(PROBLEM DESCRIPTION) Which lines in the listing below contain the word "SMCC"? Copy each one.

(ENTRIES PROVIDED)
--
(* The morphism C(c,c') -> C(d,d') induced by cotensors (d,e) = [v,c] and
   (d',e') = [v,c'] : it is the (unique, as cotmap is invertible) L with
   cotmap e' d o L = curry( C(c,c') (x) v --1(x)e--> C(c,c') (x) C(d,c) --comp--> C(d,c') ). *)
Definition induced (V : SMCC) (C : VCatD V) (v : ob V) (c d : vob C)
    (e : hom v (vh C d c)) (c' d' : vob C) (e' : hom v (vh C d' c'))
    (L : hom (vh C c c') (vh C d d')) : Prop :=
  cmp (cotmap e' d) L = cur (cmp (vc C d c c') (tenm (idm (vh C c c')) e)).

Record Arities (V : SMCC) := {
  ar : ob V -> Prop;
  ar_unit : ar unt;
  ar_ten : forall x y, ar x -> ar y -> ar (ten x y)
}.

Section Arity.
Variables (V : SMCC) (Jr : Arities V).

Definition Job : Type := {x : ob V | ar Jr x}.
Definition jI : Job := exist _ unt (ar_unit Jr).
Definition jten (a b : Job) : Job :=
  exist _ (ten (proj1_sig a) (proj1_sig b))
        (ar_ten (proj2_sig a) (proj2_sig b)).

(* J as a full sub-V-category of underline V, and its opposite *)
Definition JD : VCatD V :=
  {| vob := Job;
     vh := fun a b => ihom (proj1_sig a) (proj1_sig b);
     vc := fun a b c => uvc (proj1_sig a) (proj1_sig b) (proj1_sig c);
     vi := fun a => uvi (proj1_sig a) |}.
Definition Jop : VCatD V := opD JD.

Definition mkD (h : Job -> Job -> ob V)
    (c : forall a b c, hom (ten (h b c) (h a b)) (h a c))
    (i : forall a, hom unt (h a a)) : VCatD V :=
  {| vob := Job; vh := h; vc := c; vi := i |}.

Record JTheory := {
  thh : Job -> Job -> ob V;
  thc : forall a b c, hom (ten (thh b c) (thh a b)) (thh a c);
  thi : forall a, hom unt (thh a a);
  tau : forall a b, hom (vh Jop a b) (thh a b);
  th_vcat : is_VCat (mkD thc thi);
  th_tau_fun : @is_VFunctor V Jop (mkD thc thi) (fun x => x) tau;
  th_tau_cot : forall (v c d : Job) (e : hom (proj1_sig v) (vh Jop d c)),
      @is_cotensor V Jop (proj1_sig v) c d e ->
      @is_cotensor V (mkD thc thi) (proj1_sig v) c d (cmp (tau d c) e)
}.

Definition thD (T : JTheory) : VCatD V := mkD (thc T) (thi T).

Record JMor (T U : JTheory) := {
  mor : forall a b, hom (thh T a b) (thh U a b);
  mor_fun : @is_VFunctor V (thD T) (thD U) (fun x => x) mor;
  mor_tau : forall a b, cmp (mor a b) (tau T a b) = tau U a b
}.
--
(WRITTEN ANSWER)
Definition induced (V : SMCC) (C : VCatD V) (v : ob V) (c d : vob C)
Record Arities (V : SMCC) := {
Variables (V : SMCC) (Jr : Arities V).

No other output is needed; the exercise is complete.